■ Problem details ■
From the records below, output exactly the lines running from the line containing "have [->|ak] := eqVneq" through the line containing "by move: dk; rewrite (negbTE", and no others.

■ Extracted records ■

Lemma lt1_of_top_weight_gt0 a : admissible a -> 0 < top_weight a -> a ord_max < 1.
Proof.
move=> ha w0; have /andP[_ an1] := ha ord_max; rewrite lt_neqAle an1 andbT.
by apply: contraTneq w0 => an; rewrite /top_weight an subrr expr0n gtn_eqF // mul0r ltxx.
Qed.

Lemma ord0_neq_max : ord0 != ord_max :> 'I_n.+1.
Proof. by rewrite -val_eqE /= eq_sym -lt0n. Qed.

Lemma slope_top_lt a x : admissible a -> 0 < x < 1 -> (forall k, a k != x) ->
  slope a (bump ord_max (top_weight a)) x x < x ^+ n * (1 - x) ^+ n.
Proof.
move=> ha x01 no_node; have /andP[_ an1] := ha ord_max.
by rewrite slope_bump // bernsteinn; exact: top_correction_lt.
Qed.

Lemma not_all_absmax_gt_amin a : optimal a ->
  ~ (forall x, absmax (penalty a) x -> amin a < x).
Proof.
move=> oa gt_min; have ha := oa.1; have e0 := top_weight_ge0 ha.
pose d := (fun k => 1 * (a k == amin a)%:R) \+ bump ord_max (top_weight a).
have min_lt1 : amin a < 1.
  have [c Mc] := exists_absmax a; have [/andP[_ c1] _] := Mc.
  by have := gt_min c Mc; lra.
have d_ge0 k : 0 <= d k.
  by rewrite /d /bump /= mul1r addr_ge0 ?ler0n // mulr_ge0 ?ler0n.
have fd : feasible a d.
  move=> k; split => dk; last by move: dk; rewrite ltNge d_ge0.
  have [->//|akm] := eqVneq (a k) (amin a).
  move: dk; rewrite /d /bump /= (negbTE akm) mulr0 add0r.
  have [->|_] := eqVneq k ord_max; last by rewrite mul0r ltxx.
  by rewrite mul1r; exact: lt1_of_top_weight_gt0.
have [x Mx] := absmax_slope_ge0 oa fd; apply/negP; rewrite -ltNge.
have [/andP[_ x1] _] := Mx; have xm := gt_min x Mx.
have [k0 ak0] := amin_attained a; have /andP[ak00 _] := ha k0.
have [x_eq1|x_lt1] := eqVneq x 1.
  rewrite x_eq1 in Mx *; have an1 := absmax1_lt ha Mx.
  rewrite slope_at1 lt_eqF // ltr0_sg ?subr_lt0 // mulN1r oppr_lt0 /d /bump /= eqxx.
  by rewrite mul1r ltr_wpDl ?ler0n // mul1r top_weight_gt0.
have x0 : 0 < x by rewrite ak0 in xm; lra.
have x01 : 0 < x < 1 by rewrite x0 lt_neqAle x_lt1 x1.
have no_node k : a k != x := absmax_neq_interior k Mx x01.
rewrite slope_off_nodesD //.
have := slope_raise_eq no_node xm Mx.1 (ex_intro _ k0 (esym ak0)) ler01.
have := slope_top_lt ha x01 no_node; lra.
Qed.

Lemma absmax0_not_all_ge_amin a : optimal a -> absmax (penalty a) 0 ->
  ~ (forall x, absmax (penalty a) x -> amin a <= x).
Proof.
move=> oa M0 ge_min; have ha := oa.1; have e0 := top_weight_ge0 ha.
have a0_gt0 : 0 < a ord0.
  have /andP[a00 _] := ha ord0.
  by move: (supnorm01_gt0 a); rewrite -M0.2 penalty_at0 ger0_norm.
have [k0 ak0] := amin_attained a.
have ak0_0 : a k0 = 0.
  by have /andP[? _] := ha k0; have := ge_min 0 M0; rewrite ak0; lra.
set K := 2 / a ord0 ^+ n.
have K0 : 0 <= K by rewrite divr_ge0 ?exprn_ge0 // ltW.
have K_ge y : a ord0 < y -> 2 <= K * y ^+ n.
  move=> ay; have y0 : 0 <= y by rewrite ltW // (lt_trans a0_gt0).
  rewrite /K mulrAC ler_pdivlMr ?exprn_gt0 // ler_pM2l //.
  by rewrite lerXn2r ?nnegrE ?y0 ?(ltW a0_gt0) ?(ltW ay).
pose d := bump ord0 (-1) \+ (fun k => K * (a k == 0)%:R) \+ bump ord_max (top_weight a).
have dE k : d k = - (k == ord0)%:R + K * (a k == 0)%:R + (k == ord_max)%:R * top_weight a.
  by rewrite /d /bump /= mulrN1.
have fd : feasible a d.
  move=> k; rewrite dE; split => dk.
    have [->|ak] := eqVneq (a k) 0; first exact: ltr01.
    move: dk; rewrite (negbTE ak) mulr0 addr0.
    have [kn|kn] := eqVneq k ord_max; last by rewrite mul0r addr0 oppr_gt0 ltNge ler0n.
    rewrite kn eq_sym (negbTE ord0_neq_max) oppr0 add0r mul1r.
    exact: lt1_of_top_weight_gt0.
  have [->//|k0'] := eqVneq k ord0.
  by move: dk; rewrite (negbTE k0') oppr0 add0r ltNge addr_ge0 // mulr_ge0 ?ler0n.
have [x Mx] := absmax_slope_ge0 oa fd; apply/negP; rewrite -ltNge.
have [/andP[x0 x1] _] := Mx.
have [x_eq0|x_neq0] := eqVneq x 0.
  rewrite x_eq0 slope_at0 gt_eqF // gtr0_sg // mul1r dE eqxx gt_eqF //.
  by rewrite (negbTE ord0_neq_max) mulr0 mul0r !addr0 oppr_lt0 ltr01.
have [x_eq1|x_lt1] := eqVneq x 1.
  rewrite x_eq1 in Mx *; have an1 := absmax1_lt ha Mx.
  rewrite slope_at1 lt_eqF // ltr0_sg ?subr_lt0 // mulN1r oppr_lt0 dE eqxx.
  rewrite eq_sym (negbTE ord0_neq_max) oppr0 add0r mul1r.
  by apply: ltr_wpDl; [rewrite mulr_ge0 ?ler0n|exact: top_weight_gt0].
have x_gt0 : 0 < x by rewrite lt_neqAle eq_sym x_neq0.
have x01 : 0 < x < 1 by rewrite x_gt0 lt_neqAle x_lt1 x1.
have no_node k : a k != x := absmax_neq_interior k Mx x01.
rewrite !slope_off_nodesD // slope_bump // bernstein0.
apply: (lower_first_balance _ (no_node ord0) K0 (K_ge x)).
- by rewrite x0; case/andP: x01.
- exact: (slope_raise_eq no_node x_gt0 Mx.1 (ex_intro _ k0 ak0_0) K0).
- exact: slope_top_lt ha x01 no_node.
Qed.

■ Reply ■
    have [->|ak] := eqVneq (a k) 0; first exact: ltr01.
    move: dk; rewrite (negbTE ak) mulr0 addr0.
    have [kn|kn] := eqVneq k ord_max; last by rewrite mul0r addr0 oppr_gt0 ltNge ler0n.
    rewrite kn eq_sym (negbTE ord0_neq_max) oppr0 add0r mul1r.
    exact: lt1_of_top_weight_gt0.
  have [->//|k0'] := eqVneq k ord0.
  by move: dk; rewrite (negbTE k0') oppr0 add0r ltNge addr_ge0 // mulr_ge0 ?ler0n.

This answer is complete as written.